Collected data ▸
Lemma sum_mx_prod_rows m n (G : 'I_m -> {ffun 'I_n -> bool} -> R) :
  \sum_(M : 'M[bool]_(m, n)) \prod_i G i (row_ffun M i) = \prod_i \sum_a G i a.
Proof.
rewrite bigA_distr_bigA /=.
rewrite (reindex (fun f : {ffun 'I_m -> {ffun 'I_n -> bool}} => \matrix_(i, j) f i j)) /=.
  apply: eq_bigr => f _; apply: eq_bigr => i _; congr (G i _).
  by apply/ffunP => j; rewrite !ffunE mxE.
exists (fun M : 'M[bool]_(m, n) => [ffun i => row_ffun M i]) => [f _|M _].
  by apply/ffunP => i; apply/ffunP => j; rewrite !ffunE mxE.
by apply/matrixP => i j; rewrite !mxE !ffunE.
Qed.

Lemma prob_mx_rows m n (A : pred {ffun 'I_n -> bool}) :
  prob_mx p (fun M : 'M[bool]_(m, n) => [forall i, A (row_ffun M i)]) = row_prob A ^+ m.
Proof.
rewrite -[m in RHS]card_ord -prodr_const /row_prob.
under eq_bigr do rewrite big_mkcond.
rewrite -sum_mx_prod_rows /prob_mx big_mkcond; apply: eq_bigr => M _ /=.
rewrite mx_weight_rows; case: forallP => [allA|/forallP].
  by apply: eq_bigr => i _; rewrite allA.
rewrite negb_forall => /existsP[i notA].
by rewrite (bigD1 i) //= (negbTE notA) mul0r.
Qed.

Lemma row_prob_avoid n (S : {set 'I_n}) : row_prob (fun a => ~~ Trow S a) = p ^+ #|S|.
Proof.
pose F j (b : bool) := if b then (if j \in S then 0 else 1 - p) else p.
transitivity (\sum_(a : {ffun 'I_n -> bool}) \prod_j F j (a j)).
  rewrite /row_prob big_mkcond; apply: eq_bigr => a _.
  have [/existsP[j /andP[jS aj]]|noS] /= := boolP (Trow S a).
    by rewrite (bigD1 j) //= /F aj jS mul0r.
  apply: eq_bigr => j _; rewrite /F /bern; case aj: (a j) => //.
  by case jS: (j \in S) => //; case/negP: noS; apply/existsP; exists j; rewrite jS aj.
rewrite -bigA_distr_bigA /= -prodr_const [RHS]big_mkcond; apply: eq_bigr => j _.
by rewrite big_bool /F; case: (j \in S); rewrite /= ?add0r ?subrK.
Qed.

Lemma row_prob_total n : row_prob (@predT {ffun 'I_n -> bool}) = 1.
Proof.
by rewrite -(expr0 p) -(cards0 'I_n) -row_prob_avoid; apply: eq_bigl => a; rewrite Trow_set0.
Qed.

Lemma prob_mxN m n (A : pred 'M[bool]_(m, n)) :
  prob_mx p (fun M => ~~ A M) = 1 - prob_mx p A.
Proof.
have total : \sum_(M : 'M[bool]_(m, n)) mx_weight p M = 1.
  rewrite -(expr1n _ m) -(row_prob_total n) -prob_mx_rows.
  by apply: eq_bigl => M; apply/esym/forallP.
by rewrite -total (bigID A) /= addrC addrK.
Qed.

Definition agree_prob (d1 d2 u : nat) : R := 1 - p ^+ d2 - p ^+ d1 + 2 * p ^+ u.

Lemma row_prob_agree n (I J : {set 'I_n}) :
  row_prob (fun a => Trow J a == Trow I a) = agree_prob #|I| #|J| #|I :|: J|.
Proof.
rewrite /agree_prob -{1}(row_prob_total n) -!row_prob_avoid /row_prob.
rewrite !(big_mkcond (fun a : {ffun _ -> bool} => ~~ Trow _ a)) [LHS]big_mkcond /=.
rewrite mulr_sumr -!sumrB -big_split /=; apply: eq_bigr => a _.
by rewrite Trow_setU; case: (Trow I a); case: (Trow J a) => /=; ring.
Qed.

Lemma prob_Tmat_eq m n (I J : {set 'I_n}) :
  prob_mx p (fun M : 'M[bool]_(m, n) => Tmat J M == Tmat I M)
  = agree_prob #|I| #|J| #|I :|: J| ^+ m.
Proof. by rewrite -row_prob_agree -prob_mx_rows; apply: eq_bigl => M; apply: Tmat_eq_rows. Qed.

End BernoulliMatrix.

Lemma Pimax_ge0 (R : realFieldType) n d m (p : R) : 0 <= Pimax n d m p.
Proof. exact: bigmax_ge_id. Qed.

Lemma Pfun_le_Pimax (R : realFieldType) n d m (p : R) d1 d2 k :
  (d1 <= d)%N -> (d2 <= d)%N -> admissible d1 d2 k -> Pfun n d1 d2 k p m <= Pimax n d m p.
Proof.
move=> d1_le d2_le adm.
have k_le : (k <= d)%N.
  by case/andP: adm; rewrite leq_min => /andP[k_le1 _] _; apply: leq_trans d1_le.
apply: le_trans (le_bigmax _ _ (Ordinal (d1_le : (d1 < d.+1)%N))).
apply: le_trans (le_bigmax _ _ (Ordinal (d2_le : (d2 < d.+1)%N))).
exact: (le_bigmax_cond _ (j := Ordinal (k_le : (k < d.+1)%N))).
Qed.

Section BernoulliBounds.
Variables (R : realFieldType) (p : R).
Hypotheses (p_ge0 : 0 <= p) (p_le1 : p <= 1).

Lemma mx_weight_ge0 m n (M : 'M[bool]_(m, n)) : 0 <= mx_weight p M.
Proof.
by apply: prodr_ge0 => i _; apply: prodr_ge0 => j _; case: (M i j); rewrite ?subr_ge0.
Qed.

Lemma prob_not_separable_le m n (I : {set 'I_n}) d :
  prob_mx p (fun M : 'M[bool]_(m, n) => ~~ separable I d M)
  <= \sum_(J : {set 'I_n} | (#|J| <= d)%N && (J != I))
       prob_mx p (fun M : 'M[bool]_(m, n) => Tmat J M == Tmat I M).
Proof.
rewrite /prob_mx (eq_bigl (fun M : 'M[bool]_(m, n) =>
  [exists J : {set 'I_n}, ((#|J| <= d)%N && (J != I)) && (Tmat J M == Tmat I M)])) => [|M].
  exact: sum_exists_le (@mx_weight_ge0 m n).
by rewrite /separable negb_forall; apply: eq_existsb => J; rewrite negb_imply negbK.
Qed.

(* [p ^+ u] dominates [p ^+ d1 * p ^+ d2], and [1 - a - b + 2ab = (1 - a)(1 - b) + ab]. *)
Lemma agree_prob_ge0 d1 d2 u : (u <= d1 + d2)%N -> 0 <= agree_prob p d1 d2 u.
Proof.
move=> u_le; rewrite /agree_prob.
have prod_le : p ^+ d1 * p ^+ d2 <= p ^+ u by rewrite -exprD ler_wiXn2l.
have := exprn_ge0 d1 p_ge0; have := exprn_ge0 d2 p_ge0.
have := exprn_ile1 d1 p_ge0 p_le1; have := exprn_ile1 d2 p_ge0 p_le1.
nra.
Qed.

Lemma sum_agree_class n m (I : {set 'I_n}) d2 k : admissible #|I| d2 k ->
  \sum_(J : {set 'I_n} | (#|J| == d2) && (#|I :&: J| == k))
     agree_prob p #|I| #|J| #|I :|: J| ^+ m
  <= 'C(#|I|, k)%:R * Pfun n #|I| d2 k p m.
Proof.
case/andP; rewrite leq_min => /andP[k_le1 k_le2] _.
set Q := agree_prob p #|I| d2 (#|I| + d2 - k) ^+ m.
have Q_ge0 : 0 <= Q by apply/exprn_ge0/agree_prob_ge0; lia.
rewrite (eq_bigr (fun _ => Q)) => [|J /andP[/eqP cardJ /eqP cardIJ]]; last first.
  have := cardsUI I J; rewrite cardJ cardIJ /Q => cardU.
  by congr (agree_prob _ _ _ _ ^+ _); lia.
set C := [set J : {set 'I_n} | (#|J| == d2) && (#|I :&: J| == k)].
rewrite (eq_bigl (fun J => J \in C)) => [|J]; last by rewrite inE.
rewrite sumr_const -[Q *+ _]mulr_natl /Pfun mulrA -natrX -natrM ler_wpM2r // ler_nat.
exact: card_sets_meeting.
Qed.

Exercise description ▸
Find the word "ffunE" in the entries above and gather every line that holds it.

Solution below ▸
  by apply/ffunP => j; rewrite !ffunE mxE.
  by apply/ffunP => i; apply/ffunP => j; rewrite !ffunE mxE.
by apply/matrixP => i j; rewrite !mxE !ffunE.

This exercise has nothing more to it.